◆ TASK INSTRUCTIONS ◆
Bring together all lines from the listing below that contain the string "left".

SUPPLIED MATERIAL: Begin

Lemma C_summand_ge0 n j : 0 <= C_summand n j.
Proof.
  apply Rdiv_le_0_compat; [apply pow_le; left; apply zeta_tail_gt0 | apply lt_0_INR; lia].
Qed.

Lemma is_series_C_summand_row n : is_series (C_summand n) (h_term k n - zeta_tail k n).
Proof.
  set (x := zeta_tail k n).
  assert (Hx : -1 < x < 1)
    by (pose proof (zeta_tail_gt0 k n); pose proof (zeta_tail_lt_1 k n ltac:(lia)); unfold x; lra).
  assert (Harc : is_series (fun j => x ^ (2 * j + 1) / INR (2 * j + 1))
                   (plus (h_term k n - x) (x ^ (2 * 0 + 1) / INR (2 * 0 + 1)))).
  { replace (plus _ _) with (arctanh x)
      by (change (h_term k n) with (arctanh x); unfold plus; simpl; field).
    exact (is_series_arctanh x Hx). }
  eapply is_series_ext; [| exact (@is_series_incr_1 R_AbsRing R_NormedModule _ _ Harc)].
  intros j; unfold C_summand; now replace (2 * S j + 1)%nat with (2 * j + 3)%nat by lia.
Qed.

Lemma is_series_C_summand_col j : is_series (fun n => C_summand n j) (C_term k j).
Proof.
  assert (Hs : (2 <= k * (2 * j + 3))%nat) by nia.
  unfold C_term; rewrite zeta_eq_1_plus_Series_zeta_tail by exact Hs.
  replace (1 + Series (zeta_tail (k * (2 * j + 3))) - 1)
    with (Series (zeta_tail (k * (2 * j + 3)))) by ring.
  eapply is_series_ext;
    [| exact (is_series_scal_r _ _ _ (Series_correct _ (proj1 (Series_zeta_tail_le _ Hs))))].
  intros n; unfold C_summand, Rdiv; now rewrite zeta_tail_pow.
Qed.

Lemma C_term_ge0 j : 0 <= C_term k j.
Proof.
  eapply Rle_trans; [apply (C_summand_ge0 0 j)|].
  exact (term_le_is_series _ (fun n => C_summand_ge0 n j) _ 0 (is_series_C_summand_col j)).
Qed.

Lemma C_term_le j :
  C_term k j <= / 3 * (1 + 2 / (3 * INR k - 1)) * (/ 2) ^ (3 * k) * ((/ 2) ^ (2 * k)) ^ j.
Proof.
  set (s := (k * (2 * j + 3))%nat).
  assert (Hs : (2 <= s)%nat) by (unfold s; nia).
  destruct (Series_zeta_tail_le s Hs) as [_ Hle].
  assert (HC : C_term k j = Series (zeta_tail s) / INR (2 * j + 3)).
  { unfold C_term; fold s; rewrite zeta_eq_1_plus_Series_zeta_tail by exact Hs.
    f_equal; ring. }
  assert (Hpow : (/ 2) ^ s = (/ 2) ^ (3 * k) * ((/ 2) ^ (2 * k)) ^ j)
    by (rewrite <- pow_mult, <- pow_add; f_equal; unfold s; lia).
  assert (HK : 2 <= INR k) by (apply (le_INR 2); lia).
  assert (HU : 3 <= INR (2 * j + 3))
    by (rewrite plus_INR, mult_INR; simpl; pose proof (pos_INR j); lra).
  set (K := INR k) in *; set (U := INR (2 * j + 3)) in *.
  assert (Hfactor : (1 + 2 / (K * U - 1)) * / U <= / 3 * (1 + 2 / (3 * K - 1))).
  { rewrite Rmult_comm; apply Rmult_le_compat.
    - left; apply Rinv_0_lt_compat; lra.
    - assert (0 < 2 / (K * U - 1)) by (apply Rdiv_lt_0_compat; nra); lra.
    - apply Rinv_le_contravar; lra.
    - apply Rplus_le_compat_l, Rmult_le_compat_l; [lra|]; apply Rinv_le_contravar; nra. }
  assert (Hpos : 0 <= (/ 2) ^ (3 * k) * ((/ 2) ^ (2 * k)) ^ j)
    by (apply Rmult_le_pos; [| apply pow_le]; apply pow_le; lra).
  assert (Hs_INR : INR s = K * U) by (unfold s, K, U; apply mult_INR).
  rewrite HC; rewrite Hpow, Hs_INR in Hle.
  apply Rle_trans with ((/ 2) ^ (3 * k) * ((/ 2) ^ (2 * k)) ^ j * (1 + 2 / (K * U - 1)) * / U).
  - apply Rmult_le_compat_r; [left; apply Rinv_0_lt_compat; lra | exact Hle].
  - rewrite Rmult_assoc.
    replace (/ 3 * (1 + 2 / (3 * K - 1)) * (/ 2) ^ (3 * k) * ((/ 2) ^ (2 * k)) ^ j)
      with ((/ 2) ^ (3 * k) * ((/ 2) ^ (2 * k)) ^ j * (/ 3 * (1 + 2 / (3 * K - 1)))) by ring.
    apply Rmult_le_compat_l; assumption.
Qed.

Lemma is_series_C_term_majorant :
  is_series (fun j => / 3 * (1 + 2 / (3 * INR k - 1)) * (/ 2) ^ (3 * k) * ((/ 2) ^ (2 * k)) ^ j)
    (/ 3 * (1 + 2 / (3 * INR k - 1)) * ((/ 2) ^ (3 * k) / (1 - (/ 2) ^ (2 * k)))).
Proof.
  replace (/ 3 * (1 + 2 / (3 * INR k - 1)) * ((/ 2) ^ (3 * k) / (1 - (/ 2) ^ (2 * k))))
    with (/ 3 * (1 + 2 / (3 * INR k - 1)) * (/ 2) ^ (3 * k) * / (1 - (/ 2) ^ (2 * k)))
    by (unfold Rdiv; ring).
  apply is_series_geom_scal.
  pose proof (pow_inv2_2k_bounds k k_ge2); rewrite Rabs_pos_eq; lra.
Qed.

Lemma ex_series_C_term : ex_series (C_term k).
Proof.
  apply (ex_series_le_nonneg _ C_term_ge0 _ C_term_le).
  eexists; exact is_series_C_term_majorant.
Qed.

Lemma Cconst_ge0 : 0 <= Cconst k.
Proof. exact (Series_ge0 _ C_term_ge0 ex_series_C_term). Qed.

SUPPLIED MATERIAL: End

◆ SOLUTION BELOW ◆
  apply Rdiv_le_0_compat; [apply pow_le; left; apply zeta_tail_gt0 | apply lt_0_INR; lia].
    - left; apply Rinv_0_lt_compat; lra.
  - apply Rmult_le_compat_r; [left; apply Rinv_0_lt_compat; lra | exact Hle].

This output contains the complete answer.